#### Data records

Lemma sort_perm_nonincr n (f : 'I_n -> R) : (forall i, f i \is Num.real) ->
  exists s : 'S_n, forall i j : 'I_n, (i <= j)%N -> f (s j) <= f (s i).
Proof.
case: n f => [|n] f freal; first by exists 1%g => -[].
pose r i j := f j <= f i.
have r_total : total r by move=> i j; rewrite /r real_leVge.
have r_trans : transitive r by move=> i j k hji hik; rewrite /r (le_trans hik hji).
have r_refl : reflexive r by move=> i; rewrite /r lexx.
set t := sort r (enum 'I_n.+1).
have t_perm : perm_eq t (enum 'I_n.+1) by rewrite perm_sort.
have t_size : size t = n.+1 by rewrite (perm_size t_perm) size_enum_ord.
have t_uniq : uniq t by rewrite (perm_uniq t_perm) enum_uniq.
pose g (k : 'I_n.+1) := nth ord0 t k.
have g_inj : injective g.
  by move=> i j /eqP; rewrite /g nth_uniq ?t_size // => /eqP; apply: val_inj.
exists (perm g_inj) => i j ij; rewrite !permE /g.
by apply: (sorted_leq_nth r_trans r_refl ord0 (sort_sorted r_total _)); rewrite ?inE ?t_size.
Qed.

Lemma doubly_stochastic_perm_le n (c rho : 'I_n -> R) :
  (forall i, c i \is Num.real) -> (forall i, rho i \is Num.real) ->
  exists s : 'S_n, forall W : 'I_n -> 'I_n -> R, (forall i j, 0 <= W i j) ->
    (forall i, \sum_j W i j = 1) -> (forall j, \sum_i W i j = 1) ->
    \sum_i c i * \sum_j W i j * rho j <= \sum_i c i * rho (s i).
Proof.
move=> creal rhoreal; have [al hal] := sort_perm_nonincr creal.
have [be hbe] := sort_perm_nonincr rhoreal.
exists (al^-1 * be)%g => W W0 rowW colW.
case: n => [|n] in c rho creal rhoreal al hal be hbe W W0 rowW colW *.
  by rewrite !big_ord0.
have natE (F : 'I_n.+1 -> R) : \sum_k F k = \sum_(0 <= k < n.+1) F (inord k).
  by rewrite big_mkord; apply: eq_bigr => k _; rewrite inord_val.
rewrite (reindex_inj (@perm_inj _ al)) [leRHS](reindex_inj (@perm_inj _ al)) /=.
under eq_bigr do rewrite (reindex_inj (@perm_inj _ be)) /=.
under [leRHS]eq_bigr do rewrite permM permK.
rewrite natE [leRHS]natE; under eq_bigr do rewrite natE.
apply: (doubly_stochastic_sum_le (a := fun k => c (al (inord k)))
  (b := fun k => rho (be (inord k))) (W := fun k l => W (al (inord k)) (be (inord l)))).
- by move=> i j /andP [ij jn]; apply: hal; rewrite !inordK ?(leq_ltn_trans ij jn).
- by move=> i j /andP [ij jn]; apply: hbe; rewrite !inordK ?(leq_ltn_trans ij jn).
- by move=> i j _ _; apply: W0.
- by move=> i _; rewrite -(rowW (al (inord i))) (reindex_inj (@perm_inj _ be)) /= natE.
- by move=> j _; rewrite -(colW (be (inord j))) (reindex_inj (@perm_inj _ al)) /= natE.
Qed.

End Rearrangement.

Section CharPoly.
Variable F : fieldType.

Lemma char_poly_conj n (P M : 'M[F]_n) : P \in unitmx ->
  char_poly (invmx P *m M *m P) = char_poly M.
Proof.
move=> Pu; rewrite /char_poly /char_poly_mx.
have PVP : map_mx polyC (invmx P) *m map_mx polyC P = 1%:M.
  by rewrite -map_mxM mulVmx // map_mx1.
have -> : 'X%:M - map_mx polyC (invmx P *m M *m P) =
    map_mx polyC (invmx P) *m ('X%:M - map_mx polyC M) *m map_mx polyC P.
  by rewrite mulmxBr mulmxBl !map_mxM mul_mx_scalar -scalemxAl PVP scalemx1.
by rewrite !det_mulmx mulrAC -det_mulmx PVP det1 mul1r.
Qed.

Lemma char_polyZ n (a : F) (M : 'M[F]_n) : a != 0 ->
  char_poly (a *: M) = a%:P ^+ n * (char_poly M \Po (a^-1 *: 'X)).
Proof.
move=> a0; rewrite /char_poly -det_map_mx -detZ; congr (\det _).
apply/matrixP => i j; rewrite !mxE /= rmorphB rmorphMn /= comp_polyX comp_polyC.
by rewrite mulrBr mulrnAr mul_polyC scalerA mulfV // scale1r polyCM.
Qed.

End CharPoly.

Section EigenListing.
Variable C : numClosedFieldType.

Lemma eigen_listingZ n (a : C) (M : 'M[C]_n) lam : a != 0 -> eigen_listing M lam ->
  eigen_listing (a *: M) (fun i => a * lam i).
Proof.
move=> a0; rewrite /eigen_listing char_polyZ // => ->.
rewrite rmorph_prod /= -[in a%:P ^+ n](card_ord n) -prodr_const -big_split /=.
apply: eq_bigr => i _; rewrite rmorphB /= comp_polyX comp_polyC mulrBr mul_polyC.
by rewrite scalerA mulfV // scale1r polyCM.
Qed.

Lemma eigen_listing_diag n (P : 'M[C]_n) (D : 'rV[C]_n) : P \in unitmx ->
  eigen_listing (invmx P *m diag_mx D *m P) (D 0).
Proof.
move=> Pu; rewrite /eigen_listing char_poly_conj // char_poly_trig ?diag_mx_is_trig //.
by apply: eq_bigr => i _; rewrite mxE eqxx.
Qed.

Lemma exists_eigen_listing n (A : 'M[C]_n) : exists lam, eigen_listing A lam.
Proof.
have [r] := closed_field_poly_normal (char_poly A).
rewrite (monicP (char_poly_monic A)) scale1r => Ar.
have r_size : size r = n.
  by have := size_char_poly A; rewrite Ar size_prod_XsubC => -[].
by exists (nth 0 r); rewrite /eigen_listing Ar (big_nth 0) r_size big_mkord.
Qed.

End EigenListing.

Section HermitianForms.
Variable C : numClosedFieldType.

########

* Aim of the task
Please transcribe the records exactly from their first line through the line holding "have r_refl : reflexive", and leave out all others.

* Solution below
Lemma sort_perm_nonincr n (f : 'I_n -> R) : (forall i, f i \is Num.real) ->
  exists s : 'S_n, forall i j : 'I_n, (i <= j)%N -> f (s j) <= f (s i).
Proof.
case: n f => [|n] f freal; first by exists 1%g => -[].
pose r i j := f j <= f i.
have r_total : total r by move=> i j; rewrite /r real_leVge.
have r_trans : transitive r by move=> i j k hji hik; rewrite /r (le_trans hik hji).
have r_refl : reflexive r by move=> i; rewrite /r lexx.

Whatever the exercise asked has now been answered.